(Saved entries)
#####
Lemma mprod_limit_exists :
  exists psi : nat -> nat -> R,
    (forall t, stochastic_vec N (psi t)) /\
    (forall t n r m, (r < N)%nat -> (m < N)%nat ->
       Rabs (mprod N A t n r m - psi t m) <= (1 - eta) ^ (n / S k)) /\
    (forall t n m, col_min t n m <= psi t m).
Proof.
  assert (Hlub : forall t m, {l | is_lub (fun x => exists n, x = col_min t n m) l}).
  { intros t m. apply completeness.
    - exists (col_max t O m). intros x [n ->].
      pose proof (col_min_le_max t n m). pose proof (col_max_decr t O n m (Nat.le_0_l n)). lra.
    - exists (col_min t O m), O. reflexivity. }
  set (psi t m := proj1_sig (Hlub t m)).
  assert (Hge : forall t n m, col_min t n m <= psi t m).
  { intros t n m. unfold psi. destruct (Hlub t m) as [l [Hu Hb]]. apply Hu. exists n; auto. }
  assert (Hle : forall t n m, psi t m <= col_max t n m).
  { intros t n m. unfold psi. destruct (Hlub t m) as [l [Hu Hb]]. apply Hb. intros x [n' ->].
    pose proof (col_min_incr t n' (Nat.max n n') m (Nat.le_max_r _ _)).
    pose proof (col_min_le_max t (Nat.max n n') m).
    pose proof (col_max_decr t n (Nat.max n n') m (Nat.le_max_l _ _)). lra. }
  assert (Hclose : forall t n r m, (r < N)%nat -> (m < N)%nat ->
            Rabs (mprod N A t n r m - psi t m) <= (1 - eta) ^ (n / S k)).
  { intros t n r m Hr Hm.
    rewrite (Nat.div_mod_eq n (S k)), Nat.mul_comm at 1.
    pose proof (col_osc_geometric t (n / S k) (n mod S k) m Hm).
    pose proof (Hge t (n / S k * S k + n mod S k)%nat m).
    pose proof (Hle t (n / S k * S k + n mod S k)%nat m).
    pose proof (col_max_ge t (n / S k * S k + n mod S k)%nat r m Hr).
    pose proof (col_min_le t (n / S k * S k + n mod S k)%nat r m Hr).
    apply Rabs_le. lra. }
  exists psi. split; [|split]; auto.
  intros t. split.
  - intros m Hm. pose proof (Hge t O m). pose proof (col_min_nonneg t O m Hm). lra.
  - (* the row sums of [psi t] and of [mprod t (q * S k)] differ by at most N (1 - eta)^q *)
    apply Rminus_diag_uniq, (Rabs_le_geometric_eq0 _ (INR N) (1 - eta)); [apply pos_INR|lra|].
    intros q. rewrite <- (mprod_row_sum t (q * S k) O) at 1 by lia. rewrite <- rsum_minus.
    eapply Rle_trans; [apply rsum_abs|]. rewrite <- rsum_const. apply rsum_le. intros m Hm.
    rewrite Rabs_minus_sym. specialize (Hclose t (q * S k)%nat O m ltac:(lia) Hm).
    rewrite Nat.div_mul in Hclose by lia. exact Hclose.
Qed.

End StochasticProducts.

Lemma spec_norm_le_entrywise N (B : nat -> nat -> R) e :
  (1 <= N)%nat -> 0 <= e ->
  (forall r m, (r < N)%nat -> (m < N)%nat -> Rabs (B r m) <= e) ->
  spec_norm_le N B (INR N * INR N * e).
Proof.
  intros HN He HB x. unfold norm2, matvec.
  set (X := sqrt (rsum N (fun i => x i ^ 2))).
  assert (HX : 0 <= X) by apply sqrt_pos.
  assert (HNr : 1 <= INR N) by (apply (le_INR 1); auto).
  assert (Hx : forall m, (m < N)%nat -> Rabs (x m) <= X).
  { intros m Hm. rewrite <- (sqrt_pow2 (Rabs (x m))) by apply Rabs_pos. rewrite pow2_abs.
    apply sqrt_le_1_alt, (rsum_term_le N (fun i => x i ^ 2)); auto.
    intros; apply pow2_ge_0. }
  assert (Hrow : forall r, (r < N)%nat ->
            Rabs (rsum N (fun m => B r m * x m)) <= INR N * e * X).
  { intros r Hr. eapply Rle_trans; [apply rsum_abs|].
    rewrite Rmult_assoc, <- rsum_const. apply rsum_le. intros m Hm.
    rewrite Rabs_mult. apply Rmult_le_compat; auto using Rabs_pos. }
  assert (Hsq : rsum N (fun r => rsum N (fun m => B r m * x m) ^ 2)
                <= INR N * (INR N * e * X) ^ 2).
  { rewrite <- rsum_const. apply rsum_le. intros r Hr. rewrite <- pow2_abs.
    apply pow_incr. split; [apply Rabs_pos|auto]. }
  rewrite <- (sqrt_pow2 (INR N * INR N * e * X)) by (repeat apply Rmult_le_pos; lra).
  apply sqrt_le_1_alt. eapply Rle_trans; [exact Hsq|].
  assert (0 <= (INR N * e * X) ^ 2) by apply pow2_ge_0.
  replace ((INR N * INR N * e * X) ^ 2) with (INR N * INR N * (INR N * e * X) ^ 2) by ring.
  nra.
Qed.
#####
Assigned task:
Output, from the data above, the lines from the line with "- exists (col_min" to the line with "pose proof (col_osc_geometric" exactly as they stand, both ends included and nothing else.

Solution to the problem:
    - exists (col_min t O m), O. reflexivity. }
  set (psi t m := proj1_sig (Hlub t m)).
  assert (Hge : forall t n m, col_min t n m <= psi t m).
  { intros t n m. unfold psi. destruct (Hlub t m) as [l [Hu Hb]]. apply Hu. exists n; auto. }
  assert (Hle : forall t n m, psi t m <= col_max t n m).
  { intros t n m. unfold psi. destruct (Hlub t m) as [l [Hu Hb]]. apply Hb. intros x [n' ->].
    pose proof (col_min_incr t n' (Nat.max n n') m (Nat.le_max_r _ _)).
    pose proof (col_min_le_max t (Nat.max n n') m).
    pose proof (col_max_decr t n (Nat.max n n') m (Nat.le_max_l _ _)). lra. }
  assert (Hclose : forall t n r m, (r < N)%nat -> (m < N)%nat ->
            Rabs (mprod N A t n r m - psi t m) <= (1 - eta) ^ (n / S k)).
  { intros t n r m Hr Hm.
    rewrite (Nat.div_mod_eq n (S k)), Nat.mul_comm at 1.
    pose proof (col_osc_geometric t (n / S k) (n mod S k) m Hm).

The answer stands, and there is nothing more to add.